» **Exercise**
Scan the data for "auto" and copy each matching line.

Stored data
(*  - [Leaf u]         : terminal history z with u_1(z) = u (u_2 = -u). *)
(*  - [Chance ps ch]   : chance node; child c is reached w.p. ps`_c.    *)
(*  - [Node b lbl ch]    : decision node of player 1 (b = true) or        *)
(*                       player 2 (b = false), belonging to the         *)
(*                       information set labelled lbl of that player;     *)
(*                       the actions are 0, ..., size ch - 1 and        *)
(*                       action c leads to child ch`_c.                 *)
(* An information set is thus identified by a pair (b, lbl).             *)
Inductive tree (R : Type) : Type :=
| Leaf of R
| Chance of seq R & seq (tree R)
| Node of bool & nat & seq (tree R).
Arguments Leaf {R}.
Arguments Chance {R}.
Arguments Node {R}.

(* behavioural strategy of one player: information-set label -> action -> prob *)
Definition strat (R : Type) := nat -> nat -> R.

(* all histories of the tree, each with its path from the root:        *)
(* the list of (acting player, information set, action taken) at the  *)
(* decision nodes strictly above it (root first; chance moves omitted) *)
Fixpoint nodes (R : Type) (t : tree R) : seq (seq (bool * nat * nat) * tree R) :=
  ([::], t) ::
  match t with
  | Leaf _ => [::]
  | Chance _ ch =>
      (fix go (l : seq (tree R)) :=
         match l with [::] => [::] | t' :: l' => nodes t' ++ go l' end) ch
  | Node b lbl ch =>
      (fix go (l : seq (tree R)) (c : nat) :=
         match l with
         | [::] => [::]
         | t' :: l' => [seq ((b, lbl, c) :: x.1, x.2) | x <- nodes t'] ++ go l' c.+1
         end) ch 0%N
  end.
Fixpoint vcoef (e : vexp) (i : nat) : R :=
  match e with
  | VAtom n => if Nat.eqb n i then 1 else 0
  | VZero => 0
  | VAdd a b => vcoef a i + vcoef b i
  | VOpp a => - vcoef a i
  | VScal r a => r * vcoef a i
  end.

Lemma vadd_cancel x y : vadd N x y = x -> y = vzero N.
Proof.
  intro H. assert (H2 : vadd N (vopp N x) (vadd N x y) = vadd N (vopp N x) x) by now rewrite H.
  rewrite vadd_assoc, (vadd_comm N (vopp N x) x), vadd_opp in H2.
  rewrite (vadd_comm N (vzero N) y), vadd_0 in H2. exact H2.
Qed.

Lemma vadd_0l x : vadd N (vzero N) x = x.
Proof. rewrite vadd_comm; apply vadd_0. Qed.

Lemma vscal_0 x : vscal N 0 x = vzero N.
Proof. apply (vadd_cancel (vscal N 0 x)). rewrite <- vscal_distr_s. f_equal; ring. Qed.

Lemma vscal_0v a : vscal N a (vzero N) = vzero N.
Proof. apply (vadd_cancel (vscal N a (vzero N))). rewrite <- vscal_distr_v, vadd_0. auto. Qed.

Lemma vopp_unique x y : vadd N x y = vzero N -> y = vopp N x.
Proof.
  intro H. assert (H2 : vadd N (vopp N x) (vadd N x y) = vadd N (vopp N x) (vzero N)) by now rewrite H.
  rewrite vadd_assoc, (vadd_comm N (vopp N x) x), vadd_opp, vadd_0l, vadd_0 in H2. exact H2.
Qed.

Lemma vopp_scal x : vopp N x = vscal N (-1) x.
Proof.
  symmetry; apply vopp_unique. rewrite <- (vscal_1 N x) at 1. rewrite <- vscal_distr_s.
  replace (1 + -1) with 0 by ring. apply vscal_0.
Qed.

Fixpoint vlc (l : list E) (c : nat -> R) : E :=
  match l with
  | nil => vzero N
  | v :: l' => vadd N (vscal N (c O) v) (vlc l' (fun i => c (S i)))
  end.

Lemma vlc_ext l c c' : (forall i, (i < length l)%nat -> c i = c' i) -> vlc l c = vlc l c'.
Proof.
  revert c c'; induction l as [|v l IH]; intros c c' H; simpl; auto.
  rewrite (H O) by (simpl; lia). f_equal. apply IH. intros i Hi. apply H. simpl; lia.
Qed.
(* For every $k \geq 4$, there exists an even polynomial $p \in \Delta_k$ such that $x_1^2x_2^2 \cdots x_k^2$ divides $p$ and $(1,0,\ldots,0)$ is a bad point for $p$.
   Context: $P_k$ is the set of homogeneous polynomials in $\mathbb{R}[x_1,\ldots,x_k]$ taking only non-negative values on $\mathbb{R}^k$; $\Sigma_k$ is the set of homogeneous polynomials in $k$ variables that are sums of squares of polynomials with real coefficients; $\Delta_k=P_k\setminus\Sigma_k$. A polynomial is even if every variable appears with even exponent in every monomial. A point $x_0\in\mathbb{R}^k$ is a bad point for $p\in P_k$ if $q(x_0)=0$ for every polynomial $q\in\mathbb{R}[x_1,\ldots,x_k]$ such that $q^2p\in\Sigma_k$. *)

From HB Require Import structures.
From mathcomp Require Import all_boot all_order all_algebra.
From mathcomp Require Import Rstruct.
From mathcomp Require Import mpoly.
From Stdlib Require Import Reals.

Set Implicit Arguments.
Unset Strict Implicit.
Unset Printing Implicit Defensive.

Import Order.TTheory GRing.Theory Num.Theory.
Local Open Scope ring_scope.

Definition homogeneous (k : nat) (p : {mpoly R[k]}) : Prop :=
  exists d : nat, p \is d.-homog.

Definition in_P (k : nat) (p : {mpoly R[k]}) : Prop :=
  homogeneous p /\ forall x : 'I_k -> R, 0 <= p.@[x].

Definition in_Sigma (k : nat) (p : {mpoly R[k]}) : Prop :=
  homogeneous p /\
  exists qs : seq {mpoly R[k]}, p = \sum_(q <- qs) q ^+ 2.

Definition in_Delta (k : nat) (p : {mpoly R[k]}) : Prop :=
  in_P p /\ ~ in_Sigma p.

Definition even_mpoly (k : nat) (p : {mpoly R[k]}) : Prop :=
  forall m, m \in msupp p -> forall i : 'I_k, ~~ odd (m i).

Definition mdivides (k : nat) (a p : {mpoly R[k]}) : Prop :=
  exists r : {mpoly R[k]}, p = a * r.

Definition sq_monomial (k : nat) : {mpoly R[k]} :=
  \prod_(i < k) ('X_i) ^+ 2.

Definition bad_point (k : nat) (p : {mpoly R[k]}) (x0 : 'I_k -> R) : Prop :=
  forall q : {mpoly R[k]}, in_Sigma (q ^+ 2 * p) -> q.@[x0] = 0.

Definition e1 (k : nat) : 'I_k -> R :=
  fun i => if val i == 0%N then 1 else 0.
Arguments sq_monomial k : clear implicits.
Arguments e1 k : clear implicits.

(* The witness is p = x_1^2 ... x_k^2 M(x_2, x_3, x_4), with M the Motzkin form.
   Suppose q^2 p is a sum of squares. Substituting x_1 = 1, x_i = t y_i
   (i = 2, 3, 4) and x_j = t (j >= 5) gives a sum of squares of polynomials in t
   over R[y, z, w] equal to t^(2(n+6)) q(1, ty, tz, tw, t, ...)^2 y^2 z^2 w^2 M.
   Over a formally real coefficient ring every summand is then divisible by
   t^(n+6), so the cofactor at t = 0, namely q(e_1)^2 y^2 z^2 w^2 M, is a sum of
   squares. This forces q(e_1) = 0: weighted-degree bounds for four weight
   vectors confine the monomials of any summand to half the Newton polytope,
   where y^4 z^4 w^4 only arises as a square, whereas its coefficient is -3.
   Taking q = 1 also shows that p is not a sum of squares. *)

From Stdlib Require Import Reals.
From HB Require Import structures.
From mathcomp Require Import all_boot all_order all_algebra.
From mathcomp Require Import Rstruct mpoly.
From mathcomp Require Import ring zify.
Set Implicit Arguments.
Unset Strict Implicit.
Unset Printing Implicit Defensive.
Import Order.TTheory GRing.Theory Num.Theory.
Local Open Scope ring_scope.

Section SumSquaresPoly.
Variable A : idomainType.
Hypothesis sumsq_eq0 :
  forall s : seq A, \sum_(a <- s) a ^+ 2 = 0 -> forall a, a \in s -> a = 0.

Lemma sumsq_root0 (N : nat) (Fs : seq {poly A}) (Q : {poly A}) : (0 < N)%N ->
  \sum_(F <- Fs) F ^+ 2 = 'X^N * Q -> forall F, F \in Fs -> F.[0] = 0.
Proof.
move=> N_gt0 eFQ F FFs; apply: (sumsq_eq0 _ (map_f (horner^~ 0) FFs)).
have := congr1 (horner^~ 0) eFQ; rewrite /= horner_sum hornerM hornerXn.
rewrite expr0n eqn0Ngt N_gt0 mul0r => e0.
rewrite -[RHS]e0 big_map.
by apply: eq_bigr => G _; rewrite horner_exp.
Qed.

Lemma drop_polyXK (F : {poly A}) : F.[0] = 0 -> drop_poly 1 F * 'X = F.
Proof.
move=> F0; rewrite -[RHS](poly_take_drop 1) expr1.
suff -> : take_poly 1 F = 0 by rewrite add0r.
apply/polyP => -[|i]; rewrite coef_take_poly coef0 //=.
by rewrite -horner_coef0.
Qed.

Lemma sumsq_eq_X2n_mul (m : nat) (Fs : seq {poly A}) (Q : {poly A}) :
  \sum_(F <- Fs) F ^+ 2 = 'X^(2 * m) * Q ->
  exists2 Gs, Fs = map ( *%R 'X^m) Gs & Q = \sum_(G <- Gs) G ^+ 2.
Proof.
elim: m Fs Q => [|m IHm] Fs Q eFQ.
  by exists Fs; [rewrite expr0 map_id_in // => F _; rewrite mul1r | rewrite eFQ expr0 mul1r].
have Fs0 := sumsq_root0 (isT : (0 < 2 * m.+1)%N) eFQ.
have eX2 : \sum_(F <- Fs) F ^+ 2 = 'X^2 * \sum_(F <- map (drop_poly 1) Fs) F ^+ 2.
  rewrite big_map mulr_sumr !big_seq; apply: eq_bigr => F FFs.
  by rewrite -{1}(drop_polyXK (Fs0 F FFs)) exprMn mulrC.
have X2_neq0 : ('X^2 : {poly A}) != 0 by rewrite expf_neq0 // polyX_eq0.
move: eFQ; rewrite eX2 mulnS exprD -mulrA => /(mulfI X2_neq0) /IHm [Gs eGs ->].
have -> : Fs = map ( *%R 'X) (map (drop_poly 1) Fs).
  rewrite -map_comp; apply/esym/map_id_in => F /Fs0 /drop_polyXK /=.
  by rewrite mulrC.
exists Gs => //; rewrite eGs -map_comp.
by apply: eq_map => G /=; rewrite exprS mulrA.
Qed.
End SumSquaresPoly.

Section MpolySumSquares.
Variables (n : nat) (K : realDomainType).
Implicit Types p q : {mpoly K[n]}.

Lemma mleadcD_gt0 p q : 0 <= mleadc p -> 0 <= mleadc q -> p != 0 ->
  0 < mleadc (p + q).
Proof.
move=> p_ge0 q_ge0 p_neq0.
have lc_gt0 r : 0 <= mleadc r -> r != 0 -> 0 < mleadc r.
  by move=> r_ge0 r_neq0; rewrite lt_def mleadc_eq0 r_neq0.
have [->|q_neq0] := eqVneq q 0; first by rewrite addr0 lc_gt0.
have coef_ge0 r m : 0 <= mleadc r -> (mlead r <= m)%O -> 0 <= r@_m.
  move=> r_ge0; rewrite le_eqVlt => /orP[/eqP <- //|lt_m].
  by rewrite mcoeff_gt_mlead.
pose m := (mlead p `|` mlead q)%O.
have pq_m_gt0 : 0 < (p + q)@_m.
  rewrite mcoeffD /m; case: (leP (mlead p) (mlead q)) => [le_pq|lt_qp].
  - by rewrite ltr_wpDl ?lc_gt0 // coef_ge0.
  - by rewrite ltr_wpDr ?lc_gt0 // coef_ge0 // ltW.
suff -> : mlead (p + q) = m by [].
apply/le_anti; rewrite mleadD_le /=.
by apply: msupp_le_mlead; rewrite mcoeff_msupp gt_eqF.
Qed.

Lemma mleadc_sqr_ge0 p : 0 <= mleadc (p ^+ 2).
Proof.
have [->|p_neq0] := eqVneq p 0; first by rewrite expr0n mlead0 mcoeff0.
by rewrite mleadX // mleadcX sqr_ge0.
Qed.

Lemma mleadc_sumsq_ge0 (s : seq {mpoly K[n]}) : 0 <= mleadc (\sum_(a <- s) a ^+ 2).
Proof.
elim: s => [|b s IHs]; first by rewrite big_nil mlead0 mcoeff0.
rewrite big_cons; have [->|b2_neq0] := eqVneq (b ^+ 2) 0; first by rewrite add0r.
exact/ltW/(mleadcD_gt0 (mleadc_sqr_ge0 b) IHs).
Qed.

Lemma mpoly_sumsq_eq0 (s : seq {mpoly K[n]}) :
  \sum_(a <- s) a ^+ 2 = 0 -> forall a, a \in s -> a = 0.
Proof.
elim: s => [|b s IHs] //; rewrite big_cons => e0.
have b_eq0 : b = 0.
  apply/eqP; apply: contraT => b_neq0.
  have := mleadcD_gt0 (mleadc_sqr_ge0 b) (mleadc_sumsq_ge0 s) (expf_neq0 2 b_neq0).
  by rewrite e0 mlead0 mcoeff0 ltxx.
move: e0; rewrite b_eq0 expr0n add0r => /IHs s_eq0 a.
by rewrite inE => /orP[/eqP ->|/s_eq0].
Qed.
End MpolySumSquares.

» **The completed task**
Proof. apply (vadd_cancel (vscal N a (vzero N))). rewrite <- vscal_distr_v, vadd_0. auto. Qed.
  revert c c'; induction l as [|v l IH]; intros c c' H; simpl; auto.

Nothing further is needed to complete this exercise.